(* Let $\lambda\neq0$ be real and $n,k\ge0$ integers. Then $$\sum_{j=0}^{n}\binom{n+k}{j}S_{2,\lambda}^{[2]}(n-j+k,2k)\,\beta_{j,\lambda}^{(k)}=\binom{n+k}{k}\sum_{j=0}^{k}\binom{k}{j}(-1)^{k-j}\beta_{n,\lambda}^{(k-j)}.$$
   Context: For real $\lambda\neq0$, $(x)_{0,\lambda}=1$, $(x)_{n,\lambda}=x(x-\lambda)\cdots(x-(n-1)\lambda)$ for $n\ge1$; $e_{\lambda}(t)=\sum_{k\ge0}(1)_{k,\lambda}\frac{t^k}{k!}=(1+\lambda t)^{1/\lambda}$ (formal power series). The $2$-truncated degenerate Stirling numbers of the second kind: for $k\ge0$, $\frac{1}{k!}(e_\lambda(t)-1-t)^k=\sum_{n\ge 2k}S^{[2]}_{2,\lambda}(n,2k)\frac{t^n}{n!}$, with $S^{[2]}_{2,\lambda}(n,2k)=0$ for $0\le n<2k$. The degenerate Bernoulli numbers of order $\alpha$ (a nonnegative integer here): $\big(\frac{t}{e_\lambda(t)-1}\big)^\alpha=\sum_{n\ge0}\beta^{(\alpha)}_{n,\lambda}\frac{t^n}{n!}$; in particular $\beta^{(0)}_{n,\lambda}=1$ if $n=0$ and $0$ otherwise. *)

(* Formal power series over a real field are represented by
   their coefficient sequences  nat -> R  (coefficient of t^n, NOT divided by n!). *)
From mathcomp Require Import all_boot all_order all_algebra.
Set Implicit Arguments. Unset Strict Implicit. Unset Printing Implicit Defensive.
Import Order.TTheory GRing.Theory Num.Theory.
Local Open Scope ring_scope.

Section Defs.
Variable R : realFieldType.

Definition dfall (lam x : R) (n : nat) : R := \prod_(i < n) (x - i%:R * lam).

Definition fps_mul (a b : nat -> R) : nat -> R :=
  fun n => \sum_(i < n.+1) a i * b (n - i)%N.

Definition fps_one : nat -> R := fun n => (n == 0%N)%:R.

Definition fps_exp (a : nat -> R) (k : nat) : nat -> R := iter k (fps_mul a) fps_one.

Fixpoint fps_inv_seq (g : nat -> R) (n : nat) : seq R :=
  match n with
  | 0%N => [:: (g 0%N)^-1]
  | m.+1 => let s := fps_inv_seq g m in
            rcons s (- (g 0%N)^-1 * \sum_(i < m.+1) g i.+1 * nth 0 s (m - i)%N)
  end.
Definition fps_inv (g : nat -> R) : nat -> R := fun n => nth 0 (fps_inv_seq g n) n.

(* e_lambda(t) = sum_k (1)_{k,lambda} t^k / k! *)
Definition elam (lam : R) : nat -> R := fun k => dfall lam 1 k / (k`!)%:R.

Definition elam_m1t (lam : R) : nat -> R :=
  fun k => elam lam k - (k == 0%N)%:R - (k == 1%N)%:R.

(* 2-truncated degenerate Stirling numbers of the second kind S^{[2]}_{2,lambda}(n, 2k):
   (1/k!) (e_lambda(t) - 1 - t)^k = sum_n S(n,2k) t^n / n! *)
Definition S2trunc (lam : R) (n k : nat) : R :=
  (n`!)%:R / (k`!)%:R * fps_exp (elam_m1t lam) k n.

(* (e_lambda(t) - 1)/t *)
Definition elam_m1_div_t (lam : R) : nat -> R := fun m => elam lam m.+1.

(* degenerate Bernoulli numbers of order alpha:
   (t/(e_lambda(t)-1))^alpha = sum_n beta^{(alpha)}_{n,lambda} t^n/n! *)
Definition dbern (lam : R) (alpha n : nat) : R :=
  (n`!)%:R * fps_exp (fps_inv (elam_m1_div_t lam)) alpha n.

End Defs.

From mathcomp Require Import all_boot all_order all_algebra.
From mathcomp Require Import ring zify.
Set Implicit Arguments. Unset Strict Implicit.
Import Order.TTheory GRing.Theory Num.Theory.
Local Open Scope ring_scope.

(* Put g := (e_lambda(t) - 1)/t, so that e_lambda(t) - 1 - t = t (g - 1).  Then
   (e_lambda(t) - 1 - t)^k g^-k = t^k (1 - g^-1)^k: the coefficient of t^(n+k)
   on the left is the Cauchy product giving the left-hand side of the theorem,
   and on the right it is [t^n] (1 - g^-1)^k, which the binomial theorem expands
   into the right-hand side.  Power series are compared through their
   truncations at degree n + k, which are polynomials.  Nothing depends on
   lambda. *)

Section AgreeUpto.
Variable R : comNzRingType.

Definition agree_upto (N : nat) (p q : {poly R}) := forall i, (i <= N)%N -> p`_i = q`_i.

Lemma agree_upto_refl N p : agree_upto N p p.
Proof. by []. Qed.

Lemma agree_upto_trans N p q r :
  agree_upto N p q -> agree_upto N q r -> agree_upto N p r.
Proof. by move=> Hpq Hqr i Hi; rewrite Hpq // Hqr. Qed.

Lemma agree_upto_mul N p p' q q' :
  agree_upto N p p' -> agree_upto N q q' -> agree_upto N (p * q) (p' * q').
Proof.
move=> Hp Hq i Hi; rewrite !coefM; apply: eq_bigr => -[j /= Hj] _.
by rewrite Hp ?Hq //; lia.
Qed.

Lemma agree_upto_exp N p q k : agree_upto N p q -> agree_upto N (p ^+ k) (q ^+ k).
Proof.
move=> Hpq; elim: k => [|k IH]; first exact: agree_upto_refl.
by rewrite !exprS; apply: agree_upto_mul.
Qed.

Lemma coef_exp_1subr (p : {poly R}) k n :
  ((1 - p) ^+ k)`_n = \sum_(j < k.+1) 'C(k, j)%:R * (-1) ^+ (k - j) * (p ^+ (k - j))`_n.
Proof.
rewrite addrC exprDn coef_sum; apply: eq_bigr => j _.
by rewrite expr1n mulr1 -scaleN1r exprZn coefMn coefZ mulr_natl mulrnAl.
Qed.

End AgreeUpto.

Section PowerSeries.
Variable R : realFieldType.
Implicit Types (a b g : nat -> R).

Definition trunc (N : nat) a : {poly R} := \poly_(i < N.+1) a i.

Lemma coef_trunc N a i : (i <= N)%N -> (trunc N a)`_i = a i.
Proof. by move=> Hi; rewrite coef_poly ltnS Hi. Qed.

Lemma trunc_fps_mul N a b :
  agree_upto N (trunc N (fps_mul a b)) (trunc N a * trunc N b).
Proof.
move=> i Hi; rewrite coef_trunc // coefM; apply: eq_bigr => -[j /= Hj] _.
by rewrite !coef_trunc //; lia.
Qed.

Lemma trunc_fps_exp N a k : agree_upto N (trunc N (fps_exp a k)) (trunc N a ^+ k).
Proof.
elim: k => [|k IH] i Hi; first by rewrite coef_trunc // coef1.
rewrite exprS -[fps_exp a k.+1]/(fps_mul a (fps_exp a k)) trunc_fps_mul //.
exact: (agree_upto_mul (@agree_upto_refl _ N _) IH Hi).
Qed.

Lemma coef_fps_exp N a k i : (i <= N)%N -> fps_exp a k i = (trunc N a ^+ k)`_i.
Proof. by move=> Hi; rewrite -trunc_fps_exp ?coef_trunc. Qed.

Lemma fps_exp_coef_lt a k i : a 0%N = 0 -> (i < k)%N -> fps_exp a k i = 0.
Proof.
move=> a0; elim: k i => [//|k IH] i lt_ik.
rewrite /fps_exp /= -/(fps_exp a k) /fps_mul big1 // => -[[|j] /= Hj] _.
  by rewrite a0 mul0r.
by rewrite IH ?mulr0 //; lia.
Qed.

Lemma size_fps_inv_seq g n : size (fps_inv_seq g n) = n.+1.
Proof. by elim: n => [|n IH] //=; rewrite size_rcons IH. Qed.

Lemma nth_fps_inv_seq g n m : (m <= n)%N -> nth 0 (fps_inv_seq g n) m = fps_inv g m.
Proof.
elim: n => [|n IH]; first by rewrite leqn0 => /eqP ->.
rewrite leq_eqVlt => /predU1P[-> //|lt_mn].
by rewrite /= nth_rcons size_fps_inv_seq lt_mn IH.
Qed.

Lemma fps_invS g m :
  fps_inv g m.+1 = - (g 0%N)^-1 * \sum_(i < m.+1) g i.+1 * fps_inv g (m - i)%N.
Proof.
rewrite {1}/fps_inv /= nth_rcons size_fps_inv_seq ltnn eqxx.
by congr (_ * _); apply: eq_bigr => i _; rewrite nth_fps_inv_seq ?leq_subr.
Qed.

Lemma fps_mul_inv g n : g 0%N != 0 -> fps_mul g (fps_inv g) n = fps_one R n.
Proof.
move=> g0; case: n => [|m]; first by rewrite /fps_mul big_ord1 /fps_inv /= divff.
rewrite /fps_mul big_ord_recl subn0 fps_invS mulrA mulrN divff // mulN1r.
by under [X in _ + X]eq_bigr => i _ do rewrite lift0 subSS; rewrite addNr.
Qed.

Lemma trunc_fps_inv N g :
  g 0%N != 0 -> agree_upto N (trunc N g * trunc N (fps_inv g)) 1.
Proof.
move=> g0 i Hi; rewrite -trunc_fps_mul // coef_trunc // fps_mul_inv //.
by rewrite coef1.
Qed.

Lemma sum_fps_exp_inv_exp g e n k :
  g 0%N != 0 -> e 0%N = 0 -> (forall i, e i.+1 = g i - (i == 0%N)%:R) ->
  \sum_(j < n.+1) fps_exp (fps_inv g) k j * fps_exp e k (n + k - j)
  = ((1 - trunc (n + k) (fps_inv g)) ^+ k)`_n.
Proof.
move=> g0 e0 eS; set b := trunc (n + k) (fps_inv g).
have e_Xg : agree_upto (n + k) (trunc (n + k) e) ('X * (trunc (n + k) g - 1)).
  move=> [|i] Hi; rewrite coefXM coef_trunc //=.
  by rewrite eS coefB coef1 coef_trunc // ltnW.
have gb : agree_upto (n + k) ((trunc (n + k) g - 1) * b) (1 - b).
  by move=> i Hi; rewrite mulrBl mul1r !coefB trunc_fps_inv.
have ekbk : agree_upto (n + k) (trunc (n + k) e ^+ k * b ^+ k) ('X ^+ k * (1 - b) ^+ k).
  rewrite -!exprMn; apply: agree_upto_exp.
  apply: agree_upto_trans (agree_upto_mul e_Xg (@agree_upto_refl _ _ b)) _.
  by rewrite -mulrA; apply: agree_upto_mul.
rewrite (big_ord_widen (n + k).+1
  (fun j => fps_exp (fps_inv g) k j * fps_exp e k (n + k - j))) ?ltnS ?leq_addr //.
transitivity ((trunc (n + k) e ^+ k * b ^+ k)`_(n + k)); last first.
  by rewrite ekbk // coefXnM ltnNge leq_addl /= addnK.
rewrite mulrC coefM big_mkcond; apply: eq_bigr => -[j /= Hj] _.
rewrite !(coef_fps_exp (N := n + k)) ?leq_subr //.
case: ifP => // /negbT; rewrite -ltnNge => lt_nj.
by rewrite -(coef_fps_exp e k) ?leq_subr // fps_exp_coef_lt ?mulr0 //; lia.
Qed.

End PowerSeries.

Section DegenerateExponential.
Variable R : realFieldType.
Variable lam : R.

Lemma elam_m1_div_t0 : elam_m1_div_t lam 0 = 1.
Proof. by rewrite /elam_m1_div_t /elam /dfall big_ord1 mul0r subr0 divr1. Qed.

Lemma elam_m1t0 : elam_m1t lam 0 = 0.
Proof. by rewrite /elam_m1t /elam /dfall big_ord0 divr1 subrr subr0. Qed.

Lemma elam_m1tS i : elam_m1t lam i.+1 = elam_m1_div_t lam i - (i == 0%N)%:R.
Proof. by rewrite /elam_m1t subr0. Qed.

End DegenerateExponential.

Theorem theorem7 (R : realFieldType) (lam : R) (hlam : lam != 0) (n k : nat) :
  \sum_(j < n.+1) ('C(n + k, j))%:R * S2trunc lam (n - j + k) k * dbern lam k j
  = ('C(n + k, k))%:R *
    \sum_(j < k.+1) ('C(k, j))%:R * (-1) ^+ (k - j) * dbern lam (k - j) n.
Proof.
have kf0 : (k`!)%:R != 0 :> R by rewrite pnatr_eq0 -lt0n fact_gt0.
pose c : R := ((n + k)`!)%:R / (k`!)%:R.
have c_bin : c = 'C(n + k, k)%:R * (n`!)%:R.
  by rewrite /c -(@bin_fact (n + k) k) ?leq_addl // addnK !natrM; field.
transitivity (c * ((1 - trunc (n + k) (fps_inv (elam_m1_div_t lam))) ^+ k)`_n).
  rewrite -(sum_fps_exp_inv_exp (e := elam_m1t lam)) ?elam_m1_div_t0 ?oner_neq0
    ?elam_m1t0 //; last exact: elam_m1tS.
  rewrite mulr_sumr; apply: eq_bigr => -[j /= Hj] _.
  have -> : (n - j + k = n + k - j)%N by lia.
  rewrite /S2trunc /dbern /c -(@bin_fact (n + k) j) ?natrM; last lia.
  by field.
rewrite c_bin -mulrA; congr (_ * _).
rewrite coef_exp_1subr mulr_sumr; apply: eq_bigr => j _.
rewrite /dbern (coef_fps_exp (N := n + k)) ?leq_addr //.
ring.
Qed.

+ + + +

- [What the exercise asks]
Given the records above, return exactly the lines starting at the line containing "by rewrite /= nth_rcons" and ending at the line containing "move=> g0 e0", including both.

- [Task output]
by rewrite /= nth_rcons size_fps_inv_seq lt_mn IH.
Qed.

Lemma fps_invS g m :
  fps_inv g m.+1 = - (g 0%N)^-1 * \sum_(i < m.+1) g i.+1 * fps_inv g (m - i)%N.
Proof.
rewrite {1}/fps_inv /= nth_rcons size_fps_inv_seq ltnn eqxx.
by congr (_ * _); apply: eq_bigr => i _; rewrite nth_fps_inv_seq ?leq_subr.
Qed.

Lemma fps_mul_inv g n : g 0%N != 0 -> fps_mul g (fps_inv g) n = fps_one R n.
Proof.
move=> g0; case: n => [|m]; first by rewrite /fps_mul big_ord1 /fps_inv /= divff.
rewrite /fps_mul big_ord_recl subn0 fps_invS mulrA mulrN divff // mulN1r.
by under [X in _ + X]eq_bigr => i _ do rewrite lift0 subSS; rewrite addNr.
Qed.

Lemma trunc_fps_inv N g :
  g 0%N != 0 -> agree_upto N (trunc N g * trunc N (fps_inv g)) 1.
Proof.
move=> g0 i Hi; rewrite -trunc_fps_mul // coef_trunc // fps_mul_inv //.
by rewrite coef1.
Qed.

Lemma sum_fps_exp_inv_exp g e n k :
  g 0%N != 0 -> e 0%N = 0 -> (forall i, e i.+1 = g i - (i == 0%N)%:R) ->
  \sum_(j < n.+1) fps_exp (fps_inv g) k j * fps_exp e k (n + k - j)
  = ((1 - trunc (n + k) (fps_inv g)) ^+ k)`_n.
Proof.
move=> g0 e0 eS; set b := trunc (n + k) (fps_inv g).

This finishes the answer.